Claud twitched in what looked as if it might be vindication but Natalie’s look was blank. ‘She did, but I put it in the washing machine. Claud said I should keep it like she said, but I couldn’t bear to see the man’s blood. And it doesn’t matter, does it? It isn’t as if I killed him.’

‘I’m sure it doesn’t matter, Nat.’ Jude sensed resignation in Claud’s voice. ‘I’m sure it was just a precaution.’

Just a precaution. Who knew what forensic evidence had clung to Natalie’s clothing as she’d cradled Len Pierce in his death throes? In the background, the hum of the washing machine made a mockery of procedure, but there was nothing to be done. ‘Don’t worry about moving him, Mrs Blackwell.’ It happened. It was frustrating, and sometimes it cost a conviction, but Jude was human. The clothing was different — infuriating, evidence contaminated or lost — but you couldn’t blame someone for trying to save a life.

She was still gazing down at her hand. ‘Did I kill him?’

‘I beg your pardon?’

Claud’s expression was somewhere between outrage and stupefaction. ‘Nat—’

‘I moved him, but he was so badly hurt.

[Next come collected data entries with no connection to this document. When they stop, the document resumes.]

(* Let $f: (\mathbb{R}^{+})^n \to (\mathbb{R}^{+})^n$ be homogeneous and monotone, and suppose its recession function $\hat f$ exists. Suppose the only eigenvectors of $\hat f$ in $(\mathbb{R}^{+})^n$ are the positive scalar multiples of $(1,\dots,1)$. Then for all $\lambda,\mu \in \mathbb{R}^{+}$ the slice space $S^\lambda_\mu(f) = \{x \in (\mathbb{R}^{+})^n : \mu x \le f(x) \le \lambda x\}$ is bounded in the Hilbert projective metric.
   Context: Homogeneous: $f(\lambda x) = \lambda f(x)$ for $\lambda>0$; monotone: $x\le y$ componentwise implies $f(x)\le f(y)$. The recession function exists if for each $x \in (\mathbb{R}^{+})^n$ the limit $\hat f(x) = \lim_{k\to\infty} f(x_1^k,\dots,x_n^k)^{1/k}$ (the $k$-th root taken componentwise) exists in $(\mathbb{R}^{+})^n$. An eigenvector of a map $g$ is $x$ with $g(x) = \lambda x$ for some $\lambda>0$. Hilbert projective metric: $d_H(y,z) = \max_i \log(y_i/z_i) - \min_i \log(y_i/z_i)$; $A$ is bounded if $\sup_{y,z\in A} d_H(y,z)<\infty$. *)

From HB Require Import structures.
From mathcomp Require Import all_boot all_order all_algebra.
From mathcomp Require Import all_classical all_reals all_analysis.
Set Implicit Arguments. Unset Strict Implicit. Unset Printing Implicit Defensive.
Import Order.TTheory GRing.Theory Num.Theory.
Import numFieldNormedType.Exports.
Local Open Scope classical_set_scope.
Local Open Scope ring_scope.

Section Defs.
Context {R : realType} {n : nat}.
Notation vec := ('I_n -> R).

Definition posvec (x : vec) : Prop := forall i, 0 < x i.

Definition maps_pos (f : vec -> vec) : Prop :=
  forall x, posvec x -> posvec (f x).

Definition homogeneous_vec (f : vec -> vec) : Prop :=
  forall x (l : R), posvec x -> 0 < l -> f (fun i => l * x i) = (fun i => l * f x i).

Definition monotone_vec (f : vec -> vec) : Prop :=
  forall x y, posvec x -> posvec y -> (forall i, x i <= y i) -> forall i, f x i <= f y i.

Definition is_recession (f hf : vec -> vec) : Prop :=
  forall x, posvec x ->
    posvec (hf x) /\
    forall j, (fun k : nat => (f (fun i => x i ^+ k) j) `^ (k%:R^-1)) @ \oo --> hf x j.

Definition is_eigvec (g : vec -> vec) (x : vec) : Prop :=
  posvec x /\ exists l : R, 0 < l /\ g x = (fun i => l * x i).

(* Hilbert projective metric: max_i log(y_i/z_i) - min_i log(y_i/z_i),
   written as max over pairs (i,j) of log(y_i/z_i) - log(y_j/z_j)
   (equal for n >= 1; the 0 seed is harmless as the diagonal terms are 0). *)
Definition dH (y z : vec) : R :=
  \big[Num.max/0]_(i < n) \big[Num.max/0]_(j < n)
     (ln (y i / z i) - ln (y j / z j)).

Definition slice (f : vec -> vec) (lam mu : R) : set vec :=
  [set x | posvec x /\ (forall i, mu * x i <= f x i) /\ (forall i, f x i <= lam * x i)].

Definition hbounded (A : set vec) : Prop :=
  exists M : R, forall y z, A y -> A z -> dH y z <= M.

End Defs.

(* A monotone homogeneous map is nonexpansive in log coordinates for the sup norm,
   and on the slice space it moves log x by at most |ln lam| + |ln mu|.  If the
   slice space had unbounded oscillation, rescaling log x by 1/m, with m its
   oscillation, would give profiles in [0,1]^n with oscillation at least 1/2.
   At a cluster point w of these, (1/m) log f (exp (m w)) tends to log hf (exp w)
   but, by the two facts above, stays close to w along the chosen m; so
   hf (exp w) = exp w is an eigenvector of hf that is not constant. *)
From HB Require Import structures.
From mathcomp Require Import all_boot all_order all_algebra.
From mathcomp Require Import all_classical all_reals all_analysis.
From mathcomp Require Import lra.
Set Implicit Arguments. Unset Strict Implicit. Unset Printing Implicit Defensive.
Import Order.TTheory GRing.Theory Num.Theory.
Import numFieldNormedType.Exports.
Local Open Scope classical_set_scope.
Local Open Scope ring_scope.

Lemma nested_compact_cluster {R : numFieldType} (T : pseudoMetricType R)
    (A : set T) (S : nat -> set T) :
  compact A -> (forall N, S N !=set0) ->
  (forall N M, (N <= M)%N -> S M `<=` S N) -> (forall N, S N `<=` A) ->
  exists2 w, A w & forall N (e : R), 0 < e -> exists2 w', S N w' & ball w e w'.
Proof.
move=> cA S_neq0 S_decr SA.
pose F := filter_from [set: nat] S.
have F_filter : Filter F.
  apply: filter_from_filter; first by exists 0%N.
  move=> a b _ _; exists (maxn a b) => // w Sw.
  by split; apply: S_decr Sw; rewrite ?leq_maxl ?leq_maxr.
have F_proper : ProperFilter F by apply: filter_from_proper => N _; exact: S_neq0.
have [w [Aw w_cluster]] := cA F F_proper (ex_intro2 _ _ 0%N I (SA 0%N)).
exists w => // N e e0.
have [w' [Sw' bw']] :=
  w_cluster (S N) (ball w e) (ex_intro2 _ _ N I (fun _ h => h)) (nbhsx_ballx w e e0).
by exists w'.
Qed.

Lemma cvg_eq_of_frequently_near {R : realType} (u : R^nat) (l a : R) :
  u @ \oo --> l ->
  (forall e, 0 < e -> forall N, exists2 k, (N <= k)%N & `|u k - a| < e) -> l = a.
Proof.
move=> u_l u_near_a; apply/eqP; rewrite -subr_eq0 -normr_le0.
apply/ler_addgt0Pr => e e0; rewrite add0r.
have e20 : 0 < e / 2 by rewrite divr_gt0.
have [N _ u_near_l] := (cvgrPdist_lt _ _).1 u_l _ e20.
have [k Nk uk_a] := u_near_a _ e20 N.
have := ler_distD (u k) l a; have := u_near_l k Nk; lra.
Qed.

Lemma hbounded_of_ln_osc {R : realType} {n : nat} (A : set ('I_n -> R)) (B : R) :
  (forall x, A x -> posvec x) ->
  (forall x, A x -> forall i j, ln (x i) - ln (x j) <= B) -> hbounded A.
Proof.
move=> A_pos A_osc; exists (Num.max B 0 + Num.max B 0) => y z Ay Az.
have B_le : B <= Num.max B 0 by rewrite le_max lexx.
have max_ge0 : 0 <= Num.max B 0 by rewrite le_max lexx orbT.
apply: bigmax_le => [|i _]; first exact: addr_ge0.
apply: bigmax_le => [|j _]; first exact: addr_ge0.
rewrite !ln_div ?posrE ?A_pos //.
have := A_osc y Ay i j; have := A_osc z Az j i; lra.
Qed.

Section TopicalMap.
Context {R : realType} {n : nat}.
Variable f : ('I_n -> R) -> ('I_n -> R).
Hypotheses (f_pos : maps_pos f) (f_hom : homogeneous_vec f) (f_mono : monotone_vec f).

Lemma topical_le_scale (x y : 'I_n -> R) (c : R) : posvec x -> posvec y -> 0 < c ->
  (forall i, x i <= c * y i) -> forall j, f x j <= c * f y j.
Proof.
move=> px py c0 x_le j.
have pcy : posvec (fun i => c * y i) by move=> i; exact: mulr_gt0.
by have := f_mono px pcy x_le j; rewrite (f_hom py c0).
Qed.

Lemma ln_topical_exp_le (u v : 'I_n -> R) (d : R) : (forall i, u i <= v i + d) ->
  forall j, ln (f (fun i => expR (u i)) j) <= ln (f (fun i => expR (v i)) j) + d.
Proof.
move=> u_le j.
have pexp (w : 'I_n -> R) : posvec (fun i => expR (w i)) by move=> i; exact: expR_gt0.
have f_le : f (fun i => expR (u i)) j <= expR d * f (fun i => expR (v i)) j.
  by apply: topical_le_scale; rewrite ?expR_gt0 // => i; rewrite -expRD ler_expR addrC.
by rewrite -[d in _ + d]expRK addrC -lnM ?posrE ?expR_gt0 ?f_pos // ler_ln ?posrE
  ?mulr_gt0 ?expR_gt0 ?f_pos.
Qed.

Lemma ln_topical_exp_lipschitz (u v : 'I_n -> R) (d : R) : (forall i, `|u i - v i| <= d) ->
  forall j, `|ln (f (fun i => expR (u i)) j) - ln (f (fun i => expR (v i)) j)| <= d.
Proof.
move=> uv j.
have [u_le v_le] : (forall i, u i <= v i + d) /\ (forall i, v i <= u i + d).
  by split=> i; have := uv i; rewrite ler_norml => /andP[]; lra.
have := ln_topical_exp_le u_le j; have := ln_topical_exp_le v_le j.
by rewrite ler_norml; lra.
Qed.

Lemma sliceZ (lam mu : R) (x : 'I_n -> R) (l : R) : 0 < l ->
  slice f lam mu x -> slice f lam mu (fun i => l * x i).
Proof.
move=> l0 [px [mu_le le_lam]]; split; first by move=> i; exact: mulr_gt0.
by rewrite (f_hom px l0); split=> i; rewrite mulrCA ler_pM2l.
Qed.

Lemma slice_ln_dist (lam mu : R) (x : 'I_n -> R) : 0 < lam -> 0 < mu ->
  slice f lam mu x -> forall j, `|ln (f x j) - ln (x j)| <= `|ln lam| + `|ln mu|.
Proof.
move=> lam0 mu0 [px [mu_le le_lam]] j.
have fx0 : 0 < f x j by exact: f_pos.
have lo : ln mu + ln (x j) <= ln (f x j).
  by rewrite -lnM ?posrE // ler_ln ?posrE ?mulr_gt0.
have hi : ln (f x j) <= ln lam + ln (x j).
  by rewrite -lnM ?posrE // ler_ln ?posrE ?mulr_gt0.
have := ler_norm (ln lam); have := ler_norm (- ln mu); rewrite normrN.
have := normr_ge0 (ln lam); have := normr_ge0 (ln mu).
by rewrite ler_norml; lra.
Qed.

End TopicalMap.

Section SliceDirections.
Context {R : realType} {n : nat}.
Variable f : ('I_n -> R) -> ('I_n -> R).
Hypotheses (f_pos : maps_pos f) (f_hom : homogeneous_vec f) (f_mono : monotone_vec f).
Variables (lam mu : R).
Hypotheses (lam0 : 0 < lam) (mu0 : 0 < mu).

Definition asymptotic_direction (w : 'I_n -> R) : Prop :=
  forall N (e : R), 0 < e -> exists m (w' : 'I_n -> R),
    [/\ (N <= m)%N, forall i, `|w i - w' i| < e &
        slice f lam mu (fun i => expR (m%:R * w' i))].

Lemma recession_fixes_asymptotic_direction (hf : ('I_n -> R) -> ('I_n -> R)) w :
  is_recession f hf -> asymptotic_direction w ->
  hf (fun i => expR (w i)) = (fun i => expR (w i)).
Proof.
move=> f_rec w_dir; apply: funext => j.
set x := fun i => expR (w i).
have px : posvec x by move=> i; exact: expR_gt0.
have [hfx_pos hfx_lim] := f_rec x px.
pose g k := ln (f (fun i => x i ^+ k) j `^ k%:R^-1).
suff <- : ln (hf x j) = w j by rewrite lnK // posrE; exact: hfx_pos.
apply: (@cvg_eq_of_frequently_near _ g).
  exact: (continuous_cvg _ (continuous_ln (hfx_pos j)) (hfx_lim j)).
move=> e e0 N.
pose K := `|ln lam| + `|ln mu|.
have e30 : 0 < e / 3 by rewrite divr_gt0.
have [m [w' [Nm w_w' slice_w']]] := w_dir (maxn N (Num.truncn (K / (e / 3))).+1) _ e30.
exists m; first exact: leq_trans (leq_maxl _ _) Nm.
have m_gt : K / (e / 3) < m%:R.
  by apply: lt_le_trans (truncnS_gt _) _; rewrite ler_nat (leq_trans (leq_maxr _ _) Nm).
have m0 : 0 < m%:R :> R by apply: le_lt_trans m_gt; rewrite divr_ge0 ?addr_ge0 // ltW.
set M : R := m%:R in m_gt m0 *.
have -> : g m = M^-1 * ln (f (fun i => expR (M * w i)) j).
  rewrite /g ln_powR; congr (_ * ln (f _ j)).
  by apply: funext => i; rewrite /x -expRM_natl.
set A := ln (f (fun i => expR (M * w i)) j).
set B := ln (f (fun i => expR (M * w' i)) j).
(* The distance from A to M * w j is at most M e/3 (nonexpansiveness) + K (the
   slice) + M e/3 (w' is close to w), and K < M e/3. *)
have Mw_Mw' i : `|M * w i - M * w' i| < M * (e / 3).
  by rewrite -mulrBr normrM gtr0_norm // ltr_pM2l.
have A_B : `|A - B| <= M * (e / 3).
  apply: ln_topical_exp_lipschitz => // i; exact/ltW/Mw_Mw'.
have B_Mw' : `|B - M * w' j| <= K.
  by have := slice_ln_dist f_pos lam0 mu0 slice_w' j; rewrite expRK.
have K_lt : K < M * (e / 3) by rewrite -ltr_pdivrMr.
have Me : M * e = 3 * (M * (e / 3)) by rewrite mulrCA [3 * _]mulrC divfK.
rewrite -(ltr_pM2l m0) -[M in M * `|_|]gtr0_norm // -normrM mulrBr mulrA mulfV ?gt_eqF //.
rewrite mul1r Me; have := Mw_Mw' j; move: A_B B_Mw'; rewrite !ler_norml !ltr_norml.
lra.
Qed.

Definition normalized_profile (N : nat) (w : 'I_n -> R) : Prop :=
  [/\ forall i, 0 <= w i <= 1, exists i j, 2^-1 <= w j - w i &
      exists2 m, (N <= m)%N & slice f lam mu (fun i => expR (m%:R * w i))].

Lemma normalized_profile_of_slice N x i j : slice f lam mu x ->
  N%:R + 1 < ln (x i) - ln (x j) -> exists w, normalized_profile N w.
Proof.
move=> sx osc; have [px _] := sx.
pose u k := ln (x k).
case: (@arg_minP _ _ _ i xpredT u isT) => i0 _ u_min.
case: (@arg_maxP _ _ _ i xpredT u isT) => j0 _ u_max.
pose t := u j0 - u i0.
have u_ge k : u i0 <= u k := u_min k isT.
have u_le k : u k <= u j0 := u_max k isT.
have t_gt : N%:R + 1 < t.
  by have : N%:R + 1 < u i - u j := osc; have := u_ge j; have := u_le i; rewrite /t; lra.
pose m := (Num.truncn t).+1.
have t_ge0 : 0 <= t by have := ler0n R N; lra.
have /andP[trunc_le trunc_gt] := truncn_itv t_ge0.
have m_gt : t < m%:R by [].
have m_le : m%:R <= t + 1 by rewrite /m -natr1 lerD2r.
have m0 : 0 < m%:R :> R by rewrite ltr0n.
exists (fun k => (u k - u i0) / m%:R); split.
- move=> k; rewrite divr_ge0 ?subr_ge0 ?u_ge ?ler0n //= ler_pdivrMr // mul1r.
  by have := u_le k; rewrite /t in m_gt; lra.
- exists i0, j0; rewrite subrr mul0r subr0 ler_pdivlMr // -/t.
  by have := ler0n R N; lra.
- exists m; first by apply/ltnW; rewrite -(ltr_nat R); lra.
  have -> : (fun k => expR (m%:R * ((u k - u i0) / m%:R))) = (fun k => expR (- u i0) * x k).
    apply: funext => k; rewrite mulrC divfK ?gt_eqF // expRD mulrC lnK //.
    by rewrite posrE.
  by apply: sliceZ; rewrite ?expR_gt0.
Qed.

Lemma asymptotic_direction_of_unbounded_osc :
  (forall B, exists x, slice f lam mu x /\ exists i j, B < ln (x i) - ln (x j)) ->
  exists2 w, asymptotic_direction w & exists i j, w i < w j.
Proof.
move=> unbounded.
pose S N := [set r : 'rV[R]_n | normalized_profile N (fun k => r ord0 k)].
have S_neq0 N : S N !=set0.
  have [x [sx [i [j osc]]]] := unbounded (N%:R + 1).
  have [w w_prof] := normalized_profile_of_slice sx osc.
  exists (\row_k w k); rewrite /S /=.
  by have -> : (fun k => (\row_k w k) ord0 k) = w by apply: funext => k; rewrite mxE.
have S_decr N M : (N <= M)%N -> S M `<=` S N.
  by move=> NM r [? ? [m Mm ?]]; split => //; exists m => //; exact: leq_trans Mm.
pose A := [set r : 'rV[R]_n | forall i, (fun _ => `[0, 1]%classic) i (r ord0 i)].
have A_compact : compact A by apply: rV_compact => i; exact: segment_compact.
have SA N : S N `<=` A by move=> r [cube _ _] i; rewrite /= in_itv cube.
have [r _ r_cluster] := nested_compact_cluster A_compact S_neq0 S_decr SA.
have near_profile N e : 0 < e ->
    exists2 w', normalized_profile N w' & forall i, `|r ord0 i - w' i| < e.
  by move=> e0; have [r' Sr' [_ /(_ ord0) r_r']] := r_cluster N e e0; exists (fun k => r' ord0 k).
exists (fun k => r ord0 k).
  move=> N e e0; have [w' [_ _ [m Nm sl]] r_w'] := near_profile N e e0.
  by exists m, w'.
have eighth_gt0 : 0 < 8^-1 :> R by rewrite invr_gt0.
have [w' [_ [i [j gap]] _] r_w'] := near_profile 0%N _ eighth_gt0.
by exists i, j; have := r_w' i; have := r_w' j; rewrite !ltr_norml; lra.
Qed.

Lemma slice_ln_osc_bounded (hf : ('I_n -> R) -> ('I_n -> R)) :
  is_recession f hf ->
  (forall x, is_eigvec hf x -> exists c : R, 0 < c /\ x = (fun _ => c)) ->
  exists B, forall x, slice f lam mu x -> forall i j, ln (x i) - ln (x j) <= B.
Proof.
move=> f_rec hf_eig; apply: contrapT => osc_unbounded.
have [w w_dir [i [j wij]]] : exists2 w, asymptotic_direction w & exists i j, w i < w j.
  apply: asymptotic_direction_of_unbounded_osc => B.
  apply: contrapT => no_x; apply: osc_unbounded; exists B => x sx i j.
  by rewrite leNgt; apply/negP => osc_gt; apply: no_x; exists x; split => //; exists i, j.
have [c [_ w_const]] : exists c : R, 0 < c /\ (fun i => expR (w i)) = (fun _ => c).
  apply: hf_eig; split; first by move=> k; exact: expR_gt0.
  exists 1; split => //; rewrite (recession_fixes_asymptotic_direction f_rec w_dir).
  by apply: funext => k; rewrite mul1r.
move: wij; rewrite -ltr_expR.
by have /= -> := congr1 (fun v => v i) w_const; have /= -> := congr1 (fun v => v j) w_const; rewrite ltxx.
Qed.

End SliceDirections.

Theorem theorem7 (R : realType) (n : nat) (f : ('I_n -> R) -> ('I_n -> R)) :
  maps_pos f -> homogeneous_vec f -> monotone_vec f ->
  forall hf : ('I_n -> R) -> ('I_n -> R), is_recession f hf ->
  (forall x, is_eigvec hf x -> exists c : R, 0 < c /\ x = (fun _ => c)) ->
  forall lam mu : R, 0 < lam -> 0 < mu -> hbounded (slice f lam mu).
Proof.
move=> f_pos f_hom f_mono hf f_rec hf_eig lam mu lam0 mu0.
have [B osc_le] := slice_ln_osc_bounded f_pos f_hom f_mono lam0 mu0 f_rec hf_eig.
by apply: (hbounded_of_ln_osc _ osc_le) => x [].
Qed.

Did I kill him? Tell me he didn’t die because I moved him?’ She turned her blank expression towards Jude and that fluttering gesture of desolation ghosted once more in front of her body.

Jude shook his head. He didn’t need a medical report to tell him Len’s injuries had been so severe they’d have been almost instantly fatal. Nevertheless, he struggled to suppress a sigh of irritation as he flipped open his notebook. ‘I don’t think there was anything anyone could do for him.’ He paused. ‘Can you try to talk me through what happened?’